Starting at the first line of the data below, repeat each line word for word up to and including the line with "sigma g >] then".

=-=-=-=-=

(* Let $\sigma:[0,\infty)\to[0,\infty)$ be nondecreasing with $\lim_{t\to\infty}\sigma(t)=\infty$. If $\gamma(\sigma)>1$, then $\gamma(\sigma)=\gamma((\sigma^{\star})^{\iota})+1$.
   Context: Upper Legendre conjugate: $\sigma^{\star}(s):=\sup_{t\ge0}\{\sigma(t)-st\}$ for $s>0$; $(\sigma^{\star})^{\iota}(t):=\sigma^{\star}(1/t)$ for $t>0$. For a nondecreasing function $\sigma$ tending to $\infty$ and $\gamma>0$, $(P_{\sigma,\gamma})$ holds if there is $K>1$ with $\limsup_{t\to\infty}\sigma(K^{\gamma}t)/\sigma(t)<K$; $\gamma(\sigma):=\sup\{\gamma>0:(P_{\sigma,\gamma})\text{ holds}\}$, and $:=0$ if none holds. *)

From HB Require Import structures.
From mathcomp Require Import all_boot all_order all_algebra.
From mathcomp Require Import all_classical all_reals all_analysis.
Set Implicit Arguments. Unset Strict Implicit. Unset Printing Implicit Defensive.
Import Order.TTheory GRing.Theory Num.Theory.
Import numFieldNormedType.Exports.
Local Open Scope classical_set_scope.
Local Open Scope ring_scope.

Definition legendre_conj {R : realType} (sigma : R -> R) (s : R) : \bar R :=
  ereal_sup [set (sigma t - s * t)%:E | t in [set t : R | 0 <= t]].

(* iota-transform of the conjugate: t |-> sigma-star(1/t), for t > 0; real-valued via [fine]
   (it is finite under the hypotheses of the statement). *)
Definition legendre_conj_iota {R : realType} (sigma : R -> R) (t : R) : R :=
  fine (legendre_conj sigma t^-1).

Definition propP {R : realType} (sigma : R -> R) (g : R) : Prop :=
  exists K : R, 1 < K /\
    (limf_esup (fun t : R => (sigma (K `^ g * t) / sigma t)%:E) +oo%R
      < K%:E)%E.

Definition gammaI {R : realType} (sigma : R -> R) : \bar R :=
  if `[< exists g : R, 0 < g /\ propP sigma g >] then
    ereal_sup [set g%:E | g in [set g : R | 0 < g /\ propP sigma g]]
  else 0%E.

From mathcomp Require Import ring lra.
From mathcomp Require Import all_boot all_order all_algebra.
From mathcomp Require Import all_classical all_reals all_analysis.
Import Order.TTheory GRing.Theory Num.Theory.
Import numFieldNormedType.Exports.
Local Open Scope classical_set_scope.
Local Open Scope ring_scope.
Set Implicit Arguments. Unset Strict Implicit. Unset Printing Implicit Defensive.

(* Writing K = e^a and L = e^l, property (P_{sigma,gamma}) says that eventually
   sigma(e^(gamma a) t) <= e^l sigma(t) for some 0 <= l < a.  When gamma > 1 this
   is sigma(H t) <= L sigma(t) with L < H, so sigma is dominated by affine
   functions of slope sigma(u)/u and sigma(u)/u -> 0; hence
   psi(t) = sigma*(1/t) is finite and tends to +oo.  Substituting u = H v in the
   supremum defining sigma* turns sigma(H t) <= L sigma(t) into
   psi((H/L) t) <= L psi(t), which is (P_{psi,gamma-1}).  Conversely, evaluating
   the supremum defining psi(H^n tau) at tau = u/sigma(u) turns
   psi(H t) <= L psi(t) into sigma((H L)^n u) <= (M+1) L^n sigma(u), which is
   (P_{sigma,gamma+1}) for n large.  So the admissible exponents of sigma above 1
   are exactly those of psi shifted by one. *)

Definition dilation_bounded (R : realType) (f : R -> R) (H L : R) :=
  exists t0 : R, 0 <= t0 /\ forall t : R, t0 <= t -> f (H * t) <= L * f t.

Lemma eventually_gt_of_cvgry (R : realType) (f : R -> R) (c : R) :
  f t @[t --> +oo] --> +oo -> exists T : R, forall t : R, T <= t -> c < f t.
Proof.
move=> f_cvgy; have [M [_ hM]] := cvgry_gt f_cvgy c.
by exists (M + 1) => t Mt; apply: hM; lra.
Qed.
Section Grid.
Variables ml ms : nat.
Local Notation V := (gvert ml ms).

Definition valid_step (s : V -> V) : Prop :=
  [/\ forall v, s v = v \/ gadj v (s v), injective s & forall v, s (s v) = v -> s v = v].

Lemma valid_move_step (p : config ml ms) s : injective p -> valid_step s -> valid_move p (s \o p).
Proof.
move=> inj_p [moves inj_s noswap]; split; [|split].
- by move=> r; apply: moves.
- by move=> r1 r2 /inj_s /inj_p.
- move=> r1 r2 neq /= e1 e2; apply: neq.
  have /noswap : s (s (p r1)) = p r1 by rewrite e1.
  by rewrite e1.
Qed.

Lemma gvert_eq (u v : V) : u.1 = v.1 :> nat -> u.2 = v.2 :> nat -> u = v.
Proof. by case: u v => [u1 u2] [v1 v2] /= /val_inj -> /val_inj ->. Qed.

Lemma gadj_irr (v : V) : gadj v v = false.
Proof. by case: v => v1 v2; rewrite /gadj /=; lia. Qed.

Definition in_block (a v : V) : bool :=
  [&& a.1 <= v.1 < a.1 + 3, a.2 <= v.2 < a.2 + 2, a.1 + 3 <= ml & a.2 + 2 <= ms].
Definition block_index (a v : V) : nat := (v.1 - a.1) + 3 * (v.2 - a.2).
Definition block_vert (a : V) (n : nat) : V :=
  (insubd a.1 (a.1 + n %% 3), insubd a.2 (a.2 + n %/ 3)).

Section Block.
Variables a v : V.
Hypothesis av : in_block a v.

Lemma block_index_lt : block_index a v < 6.
Proof. by move: av; rewrite /in_block /block_index; lia. Qed.

Lemma block_vert_coord n : n < 6 ->
  (block_vert a n).1 = a.1 + n %% 3 :> nat /\ (block_vert a n).2 = a.2 + n %/ 3 :> nat.
Proof.
move: av; rewrite /in_block /block_vert /= !val_insubd => /and4P [_ _ fit1 fit2] n6.
by split; case: ifP => // /negbT; lia.
Qed.

Lemma in_block_vert n : n < 6 -> in_block a (block_vert a n).
Proof.
move=> n6; have [e1 e2] := block_vert_coord n6.
by move: av; rewrite /in_block e1 e2; lia.
Qed.

Lemma block_vertK n : n < 6 -> block_index a (block_vert a n) = n.
Proof. by move=> n6; have [e1 e2] := block_vert_coord n6; rewrite /block_index e1 e2; lia. Qed.

Lemma block_indexK : block_vert a (block_index a v) = v.
Proof.
have [e1 e2] := block_vert_coord block_index_lt.
by apply: gvert_eq; rewrite ?e1 ?e2; move: av; rewrite /in_block /block_index; lia.
Qed.

Lemma ladj_block w : in_block a w -> ladj (block_index a v) (block_index a w) = gadj v w.
Proof.
move: av; case: a v w => [a1 a2] [v1 v2] [w1 w2].
by rewrite /in_block /block_index /ladj /gadj /= => ? ?; apply/idP/idP; lia.
Qed.

End Block.

Lemma block_index_inj a u w : in_block a u -> in_block a w ->
  block_index a u = block_index a w -> u = w.
Proof. by move=> au aw eq_uw; rewrite -(block_indexK au) -(block_indexK aw) eq_uw. Qed.

Section BlockMap.
Variable A : pred V.
Hypothesis A_disjoint : forall a b v, A a -> A b -> in_block a v -> in_block b v -> a = b.

Definition block_of (v : V) : option V := [pick a | A a && in_block a v].

Definition blockmap (g : nat -> nat) (v : V) : V :=
  if block_of v is Some a then block_vert a (g (block_index a v)) else v.

Lemma block_ofP v a : block_of v = Some a -> A a /\ in_block a v.
Proof. by rewrite /block_of; case: pickP => [b /andP [Ab bv] [<-] | //]. Qed.

Lemma block_of_eq a v : A a -> in_block a v -> block_of v = Some a.
Proof.
move=> Aa av; rewrite /block_of; case: pickP => [b /andP [Ab bv] | none].
  by rewrite (A_disjoint Ab Aa bv av).
by move: (none a); rewrite Aa av.
Qed.

Lemma blockmap_in g a v : A a -> in_block a v ->
  blockmap g v = block_vert a (g (block_index a v)).
Proof. by move=> Aa av; rewrite /blockmap (block_of_eq Aa av). Qed.

Lemma block_of_blockmap g v : maps_cells g -> block_of (blockmap g v) = block_of v.
Proof.
rewrite /blockmap => g_cells; case E: (block_of v) => [a|] //.
have [Aa av] := block_ofP E.
exact: block_of_eq Aa (in_block_vert av (g_cells _ (block_index_lt av))).
Qed.

Lemma blockmap_comp g1 g2 : maps_cells g1 ->
  blockmap g2 \o blockmap g1 =1 blockmap (g2 \o g1).
Proof.
move=> g1_cells v; rewrite /= {1}/blockmap block_of_blockmap // /blockmap.
case E: (block_of v) => [a|] //; have [_ av] := block_ofP E.
by rewrite (block_vertK av) // g1_cells // block_index_lt.
Qed.

Lemma blockmap_id g : (forall n, n < 6 -> g n = n) -> blockmap g =1 id.
Proof.
move=> g_id v; rewrite /blockmap; case E: (block_of v) => [a|] //.
by have [_ av] := block_ofP E; rewrite g_id ?block_indexK ?block_index_lt.
Qed.

Lemma run_blockmap w : all local_step w ->
  run (map (fun t => blockmap (table t)) w) =1 blockmap (lrun w).
Proof.
elim/last_ind: w => [_|w t IH]; first by move=> v; rewrite blockmap_id.
rewrite all_rcons => /andP [step_t step_w] v.
rewrite map_rcons run_rcons /= IH //.
have /= -> := blockmap_comp (table t) (lrun_cells step_w) v.
by rewrite /lrun map_rcons run_rcons.
Qed.

Lemma blockmap_valid_step t : local_step t -> valid_step (blockmap (table t)).
Proof.
move=> step; have t_cells : maps_cells (table t) by move=> n /(local_stepP step) [].
split.
- move=> v; rewrite /blockmap; case E: (block_of v) => [a|]; last by left.
  have [_ av] := block_ofP E; have n6 := block_index_lt av.
  have [t6 [fix_n | adj] _ _] := local_stepP step n6.
    by left; rewrite fix_n block_indexK.
  by right; rewrite -(ladj_block av (in_block_vert av t6)) (block_vertK av).
- move=> u v eq_uv.
  have := block_of_blockmap v t_cells; rewrite -eq_uv block_of_blockmap //.
  move: eq_uv; rewrite /blockmap.
  case Eu: (block_of u) => [a|]; case Ev: (block_of v) => [b|] //= eq_uv [eq_ab].
  subst b; have [_ au] := block_ofP Eu; have [_ av] := block_ofP Ev.
  have u6 := block_index_lt au; have v6 := block_index_lt av.
  move/(congr1 (block_index a)): eq_uv; rewrite !(block_vertK au) ?t_cells //.
  by case: (local_stepP step u6) => _ _ _ /(_ _ v6) inj /inj /(block_index_inj au av).
- move=> v; have /= -> := blockmap_comp (table t) t_cells v; rewrite /blockmap.
  case E: (block_of v) => [a|] //; have [_ av] := block_ofP E.
  have n6 := block_index_lt av.
  move/(congr1 (block_index a)); rewrite (block_vertK av) ?t_cells //.
  by case: (local_stepP step n6) => _ _ noswap _ /noswap ->; rewrite block_indexK.
Qed.

End BlockMap.
End Grid.

Definition phases := 6 * size keys.
Definition phase_gadget (p : nat) : seq (seq nat) := gadget (p %/ 6).
Definition phase_moves (p : nat) : seq (nat * seq nat) := [seq (p, t) | t <- phase_gadget p].
Definition moves_upto (n : nat) : seq (nat * seq nat) := flatten [seq phase_moves p | p <- iota 0 n].
Definition moves := moves_upto phases.

Lemma size_moves : size moves = 150.
Proof. by vm_compute. Qed.

Lemma moves_upto_local_step n pt : pt \in moves_upto n -> local_step pt.2.
Proof.
case/flatten_mapP => p _ /mapP [t t_in ->].
exact: (allP (gadget_local_step _) _ t_in).
Qed.

Lemma moves_uptoS n : moves_upto n.+1 = moves_upto n ++ phase_moves n.
Proof. by rewrite /moves_upto -addn1 iotaD map_cat flatten_cat /= cats0. Qed.

Section Edges.
Variables ml ms : nat.
Local Notation V := (gvert ml ms).

Definition anchor (e : V * V) : V :=
  (insubd e.1.1 (minn (minn e.1.1 e.2.1) (ml - 3)),
   insubd e.1.2 (minn (minn e.1.2 e.2.2) (ms - 2))).

Lemma anchor_coord e :
  (anchor e).1 = minn (minn e.1.1 e.2.1) (ml - 3) :> nat /\
  (anchor e).2 = minn (minn e.1.2 e.2.2) (ms - 2) :> nat.
Proof.
case: e => [[u1 u2] [w1 w2]]; rewrite /= !val_insubd.
have := ltn_ord u1; have := ltn_ord u2.
by split; case: ifP => // /negbT; lia.
Qed.

(* Edges of one phase have anchors congruent modulo (3, 2), hence disjoint
   blocks, and all need the same gadget. *)
Definition phase (e : V * V) : nat :=
  (anchor e).1 %% 3 + 3 * ((anchor e).2 %% 2) +
  6 * kind (block_index (anchor e) e.1) (block_index (anchor e) e.2).

Variable M : {set V * V}.

Definition active (p : nat) (a : V) : bool :=
  [exists e in M, (phase e == p) && (anchor e == a)].

Lemma active_residues p a : active p a -> a.1 %% 3 = p %% 3 /\ a.2 %% 2 = p %/ 3 %% 2.
Proof. by case/existsP => e /and3P [_ /eqP <- /eqP <-]; rewrite /phase; lia. Qed.

Lemma active_disjoint p a b v : active p a -> active p b -> in_block a v -> in_block b v -> a = b.
Proof.
move=> /active_residues [a1 a2] /active_residues [b1 b2].
move: a1 a2 b1 b2; case: a b v => [a1 a2] [b1 b2] [v1 v2].
rewrite /in_block /= => ? ? ? ? /and4P [? ? _ _] /and4P [? ? _ _].
by apply: gvert_eq => /=; lia.
Qed.

Definition phase_map (p : nat) : V -> V := blockmap (active p) (lrun (phase_gadget p)).

Definition move (pt : nat * seq nat) : V -> V := blockmap (active pt.1) (table pt.2).

Lemma move_valid_step pt : pt \in moves -> valid_step (move pt).
Proof.
move=> /moves_upto_local_step step.
exact: (blockmap_valid_step (@active_disjoint pt.1)).
Qed.

Lemma run_phase_moves p : run (map move (phase_moves p)) =1 phase_map p.
Proof. by rewrite -map_comp; apply: (run_blockmap (@active_disjoint p)); apply: gadget_local_step. Qed.

Hypotheses (ml3 : 3 <= ml) (ms2 : 2 <= ms).

Lemma edge_in_block e : gadj e.1 e.2 -> in_block (anchor e) e.1 /\ in_block (anchor e) e.2.
Proof.
have [a1 a2] := anchor_coord e; rewrite /in_block a1 a2.
case: e {a1 a2} => [[u1 u2] [w1 w2]]; rewrite /gadj /= => adj.
have := ltn_ord u1; have := ltn_ord u2; have := ltn_ord w1; have := ltn_ord w2.
by split; lia.
Qed.

Lemma phase_edge e : gadj e.1 e.2 ->
  phase e < phases /\ forall n, n < 6 ->
  lrun (phase_gadget (phase e)) n =
    swap (block_index (anchor e) e.1) (block_index (anchor e) e.2) n.
Proof.
move=> adj; have [in1 in2] := edge_in_block adj.
have i6 := block_index_lt in1; have j6 := block_index_lt in2.
have := gadget_kind_swap i6 j6; rewrite (ladj_block in1 in2) => /(_ adj) [kind_lt swap_ok].
have -> : phase_gadget (phase e) =
          gadget (kind (block_index (anchor e) e.1) (block_index (anchor e) e.2)).
  by rewrite /phase_gadget /phase; congr gadget; lia.
by split=> //; rewrite /phase /phases; lia.
Qed.

Hypothesis M_disjoint : disjoint_edges M.

Lemma phase_map_block f v : f \in M -> in_block (anchor f) v ->
  phase_map (phase f) v =
    block_vert (anchor f) (swap (block_index (anchor f) f.1) (block_index (anchor f) f.2)
                                (block_index (anchor f) v)).
Proof.
move=> fM fv; have adj := M_disjoint.1 f fM.
have active_f : active (phase f) (anchor f) by apply/existsP; exists f; rewrite fM !eqxx.
rewrite /phase_map (blockmap_in (@active_disjoint _) _ active_f fv).
by rewrite (proj2 (phase_edge adj)) // block_index_lt.
Qed.

Lemma phase_map_edge e : e \in M ->
  phase_map (phase e) e.1 = e.2 /\ phase_map (phase e) e.2 = e.1.
Proof.
move=> eM; have adj := M_disjoint.1 e eM; have [in1 in2] := edge_in_block adj.
have neq : block_index (anchor e) e.2 == block_index (anchor e) e.1 = false.
  by apply/negbTE/eqP => /(block_index_inj in2 in1) eq21; move: adj; rewrite eq21 gadj_irr.
by rewrite !phase_map_block // /swap eqxx ?neq eqxx !(block_indexK in1, block_indexK in2).
Qed.

Lemma phase_map_fixed p v :
  (forall f, f \in M -> phase f = p -> v <> f.1 /\ v <> f.2) -> phase_map p v = v.
Proof.
move=> avoid; case E: (block_of (active p) v) => [a|]; last by rewrite /phase_map /blockmap E.
have [/existsP [f /and3P [fM /eqP fp /eqP fa]] av] := block_ofP E; subst p a.
have [in1 in2] := edge_in_block (M_disjoint.1 f fM); have [ne1 ne2] := avoid f fM erefl.
rewrite phase_map_block // /swap.
have /negbTE -> : block_index (anchor f) v != block_index (anchor f) f.1.
  by apply/eqP => /(block_index_inj av in1).
have /negbTE -> : block_index (anchor f) v != block_index (anchor f) f.2.
  by apply/eqP => /(block_index_inj av in2).
exact: block_indexK.
Qed.

Definition flipped_below (p : nat) (c : config ml ms) : Prop :=
  (forall e, e \in M -> phase e < p -> c e.1 = e.2 /\ c e.2 = e.1) /\
  (forall v, (forall e, e \in M -> phase e < p -> v <> e.1 /\ v <> e.2) -> c v = v).

Lemma endpoints_disjoint e f u : e \in M -> f \in M -> phase e <> phase f ->
  u = e.1 \/ u = e.2 -> u <> f.1 /\ u <> f.2.
Proof.
move=> eM fM neq_phase; have neq_ef : e <> f by move=> eq_ef; apply: neq_phase; rewrite eq_ef.
by have [? ? ? ?] := M_disjoint.2 e f eM fM neq_ef; case=> ->.
Qed.

Lemma flipped_below_step p c c' : (forall v, c' v = phase_map p (c v)) ->
  flipped_below p c -> flipped_below p.+1 c'.
Proof.
move=> def_c' [flipped fixed]; split => [e eM | v avoid]; rewrite ?def_c'; last first.
  rewrite fixed => [|e eM lt_p]; last by apply: avoid; rewrite // ltnW.
  by apply: phase_map_fixed => f fM ph_f; apply: avoid; rewrite // ph_f.
rewrite ltnS => le_p; have [lt_p | ge_p] := ltnP (phase e) p.
  have [-> ->] := flipped e eM lt_p.
  by split; apply: phase_map_fixed => f fM ph_f; apply: (endpoints_disjoint eM fM); auto; lia.
have <- : phase e = p by lia.
rewrite !fixed => [|f fM lt_f|f fM lt_f]; first exact: phase_map_edge;
  by apply: (endpoints_disjoint eM fM); auto; lia.
Qed.

Lemma flipped_below_moves n : flipped_below n (run (map move (moves_upto n))).
Proof.
elim: n => [|n IH]; first by split=> // v.
apply: flipped_below_step IH => v.
by rewrite moves_uptoS map_cat run_cat /= run_phase_moves.
Qed.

=-=-=-=-=

RESPONSE AREA =
(* Let $\sigma:[0,\infty)\to[0,\infty)$ be nondecreasing with $\lim_{t\to\infty}\sigma(t)=\infty$. If $\gamma(\sigma)>1$, then $\gamma(\sigma)=\gamma((\sigma^{\star})^{\iota})+1$.
   Context: Upper Legendre conjugate: $\sigma^{\star}(s):=\sup_{t\ge0}\{\sigma(t)-st\}$ for $s>0$; $(\sigma^{\star})^{\iota}(t):=\sigma^{\star}(1/t)$ for $t>0$. For a nondecreasing function $\sigma$ tending to $\infty$ and $\gamma>0$, $(P_{\sigma,\gamma})$ holds if there is $K>1$ with $\limsup_{t\to\infty}\sigma(K^{\gamma}t)/\sigma(t)<K$; $\gamma(\sigma):=\sup\{\gamma>0:(P_{\sigma,\gamma})\text{ holds}\}$, and $:=0$ if none holds. *)

From HB Require Import structures.
From mathcomp Require Import all_boot all_order all_algebra.
From mathcomp Require Import all_classical all_reals all_analysis.
Set Implicit Arguments. Unset Strict Implicit. Unset Printing Implicit Defensive.
Import Order.TTheory GRing.Theory Num.Theory.
Import numFieldNormedType.Exports.
Local Open Scope classical_set_scope.
Local Open Scope ring_scope.

Definition legendre_conj {R : realType} (sigma : R -> R) (s : R) : \bar R :=
  ereal_sup [set (sigma t - s * t)%:E | t in [set t : R | 0 <= t]].

(* iota-transform of the conjugate: t |-> sigma-star(1/t), for t > 0; real-valued via [fine]
   (it is finite under the hypotheses of the statement). *)
Definition legendre_conj_iota {R : realType} (sigma : R -> R) (t : R) : R :=
  fine (legendre_conj sigma t^-1).

Definition propP {R : realType} (sigma : R -> R) (g : R) : Prop :=
  exists K : R, 1 < K /\
    (limf_esup (fun t : R => (sigma (K `^ g * t) / sigma t)%:E) +oo%R
      < K%:E)%E.

Definition gammaI {R : realType} (sigma : R -> R) : \bar R :=
  if `[< exists g : R, 0 < g /\ propP sigma g >] then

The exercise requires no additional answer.